On 07/04/2010 12:30 PM, Alexander Graf wrote:
Considering how the parts of the draft that I read about sound like, that's not
the inventor's idea. PPC people love to see the BIOS be part of the
virtualization solution. I don't. That's the biggest difference here and reason
for us going different directions.
I think what they thought of is something like
if (in_kvm()) {
device_tree_put("/hypervisor/exit", EXIT_TYPE_MAGIC);
device_tree_put("/hypervisor/exit_magic", EXIT_MAGIC);
}
which then the OS reads out. But that's useless, as the hypercalls are
hypervisor specific. So why make the detection on the Linux side generic?

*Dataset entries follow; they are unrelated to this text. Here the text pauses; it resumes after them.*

(* Let $S,T$ be ordered trees, let $f\colon T\to S$ be a rigid surjection, and let $x$ be a leaf of $S$. Let $y$ be the leaf of $T$ that is $f$-conjugate to $x$. Then the image of $f_x=f\upharpoonright T^y$ equals $S^x$, and $f_x\colon T^y\to S^x$ is a rigid surjection.
   Context: A tree is a finite, non-empty poset $(T,\sqsubseteq_T)$ with a smallest element (root) in which the predecessors of each element form a chain (each element is its own predecessor); $v\wedge_T w$ is the largest common predecessor. An ordered tree has a fixed linear order on the immediate successors of each node, inducing the lexicographic linear order $\leq_T$: $v\leq_T w$ if $v\sqsubseteq_T w$, and for incomparable $v,w$, $v\leq_T w$ iff the immediate successor of $v\wedge_T w$ below $v$ precedes the one below $w$. A morphism preserves $\wedge$, is $\leq$-monotone and maps root to root; an embedding is an injective morphism. A function $f\colon T\to S$ is a rigid surjection if there is a morphism $e\colon S\to T$ (unique, called the injection of $f$) with $f\circ e={\rm id}_S$ and $e(f(w))\sqsubseteq_T w$ for all $w$. For $v\in T$, $T^v=\{w\in T\mid w\leq_T v\}$ (ordered tree with inherited orders). A leaf is a $\sqsubseteq$-maximal node. For an embedding $i\colon S\to T$, a leaf $y$ of $T$ is $i$-conjugate to a leaf $x$ of $S$ if: (i) when $x$ is the $\leq_S$-largest leaf of $S$, $y$ is the $\leq_T$-largest leaf of $T$; (ii) otherwise, with $x'$ the $\leq_S$-smallest leaf with $x<_S x'$, $y$ is the $\leq_T$-largest leaf with $y<_T i(x')$ and $i(x)\wedge_T i(x')=y\wedge_T i(x')$. A leaf $y$ of $T$ is $f$-conjugate to $x$ if it is $i$-conjugate to $x$ for $i$ the injection of $f$ (such $y$ exists and is unique). *)

From mathcomp Require Import all_boot.
Set Implicit Arguments. Unset Strict Implicit. Unset Printing Implicit Defensive.

(* Raw data of a finite ordered tree: carrier, the tree order v ⊑ w (anc v w),
   and a strict order sib on immediate successors of a common node. *)
Record otree := OTree {
  ot_sort :> finType;
  ot_anc : rel ot_sort;
  ot_sib : rel ot_sort
}.

Section TreeNotions.
Variable T : otree.
Local Notation anc := (@ot_anc T).
Local Notation sib := (@ot_sib T).

(* All notions are relative to a subset A of nodes, with inherited orders. *)
Definition is_meet (A : {set T}) (v w m : T) : bool :=
  [&& v \in A, w \in A, m \in A, anc m v, anc m w &
      [forall u in A, (anc u v && anc u w) ==> anc u m]].

Definition is_root (A : {set T}) (r : T) : bool :=
  (r \in A) && [forall v in A, anc r v].

Definition is_leaf (A : {set T}) (x : T) : bool :=
  (x \in A) && [forall w in A, anc x w ==> (w == x)].

Definition isucc (A : {set T}) (v w : T) : bool :=
  [&& v \in A, w \in A, anc v w, v != w &
      [forall u in A, (anc v u && anc u w) ==> ((u == v) || (u == w))]].

(* lexicographic order <=_T induced by the sibling orders *)
Definition lex (A : {set T}) (v w : T) : bool :=
  [&& v \in A, w \in A &
    (anc v w ||
     [&& ~~ anc w v &
         [exists m, exists c, exists c',
           [&& is_meet A v w m, isucc A m c, isucc A m c', anc c v, anc c' w
             & sib c c']]])].

Definition lex_lt (A : {set T}) (v w : T) : bool := lex A v w && (v != w).

(* T^v = { w | w <=_T v } *)
Definition lexdown (A : {set T}) (v : T) : {set T} := [set w in A | lex A w v].

Definition ordered_tree : Prop :=
  let A := [set: T] in
  [/\ (forall v, anc v v),
      (forall v w, anc v w -> anc w v -> v = w),
      (forall u v w, anc u v -> anc v w -> anc u w),
      (exists r, is_root A r) &
      (forall u v w, anc u w -> anc v w -> anc u v || anc v u)] /\
  [/\ (forall c c', sib c c' -> exists m, isucc A m c /\ isucc A m c'),
      (forall c, ~~ sib c c),
      (forall c1 c2 c3, sib c1 c2 -> sib c2 c3 -> sib c1 c3) &
      (forall m c c', isucc A m c -> isucc A m c' -> c != c' ->
                       sib c c' || sib c' c)].

Definition largest_leaf (A : {set T}) (y : T) : Prop :=
  is_leaf A y /\ forall z, is_leaf A z -> lex A z y.

Definition next_leaf (A : {set T}) (x x' : T) : Prop :=
  [/\ is_leaf A x', lex_lt A x x' &
      forall z, is_leaf A z -> lex_lt A x z -> lex A x' z].

End TreeNotions.

Section Maps.
Variables S T : otree.

Definition morphism_on (A : {set S}) (B : {set T}) (e : S -> T) : Prop :=
  [/\ (forall s, s \in A -> e s \in B),
      (forall v w m, is_meet A v w m -> is_meet B (e v) (e w) (e m)),
      (forall v w, lex A v w -> lex B (e v) (e w)) &
      (forall r, is_root A r -> is_root B (e r))].

Definition embedding (e : S -> T) : Prop :=
  morphism_on [set: S] [set: T] e /\ injective e.

Definition i_conjugate (i : S -> T) (x : S) (y : T) : Prop :=
  [/\ is_leaf [set: T] y,
      (largest_leaf [set: S] x -> largest_leaf [set: T] y) &
      (forall x', next_leaf [set: S] x x' ->
        let P z := [/\ is_leaf [set: T] z, lex_lt [set: T] z (i x') &
                       exists m, is_meet [set: T] (i x) (i x') m /\
                                 is_meet [set: T] z (i x') m] in
        P y /\ forall z, P z -> lex [set: T] z y)].
End Maps.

In fact, it's even worse. Right now with KVM for PPC we have 3 different ways
of generating the device tree:
1) OpenBIOS (Mac emulation)
2) Qemu libfdt (BookE)
3) MOL OF implementation
I sympathize. But, if the arch says that's how you do things, then
that's how you do things.
So I'd have to touch even more projects. Just for the sake of splitting out
something that belongs together anyway. And probably even create new interfaces
just for that sake (qemu asking the kernel which type of hypercalls the vm
should use) even though the guest could just query all that itself.
qemu needs to be involved, in case one day you support more than one
type of hypercalls (like x86 does with hyper-v) or if you want to live
migrate from a host that has hypercall support to another host that has
this feature removed (as has already happened on x86 with the pvmmu).
Planning for the future means a lot of boring interfaces.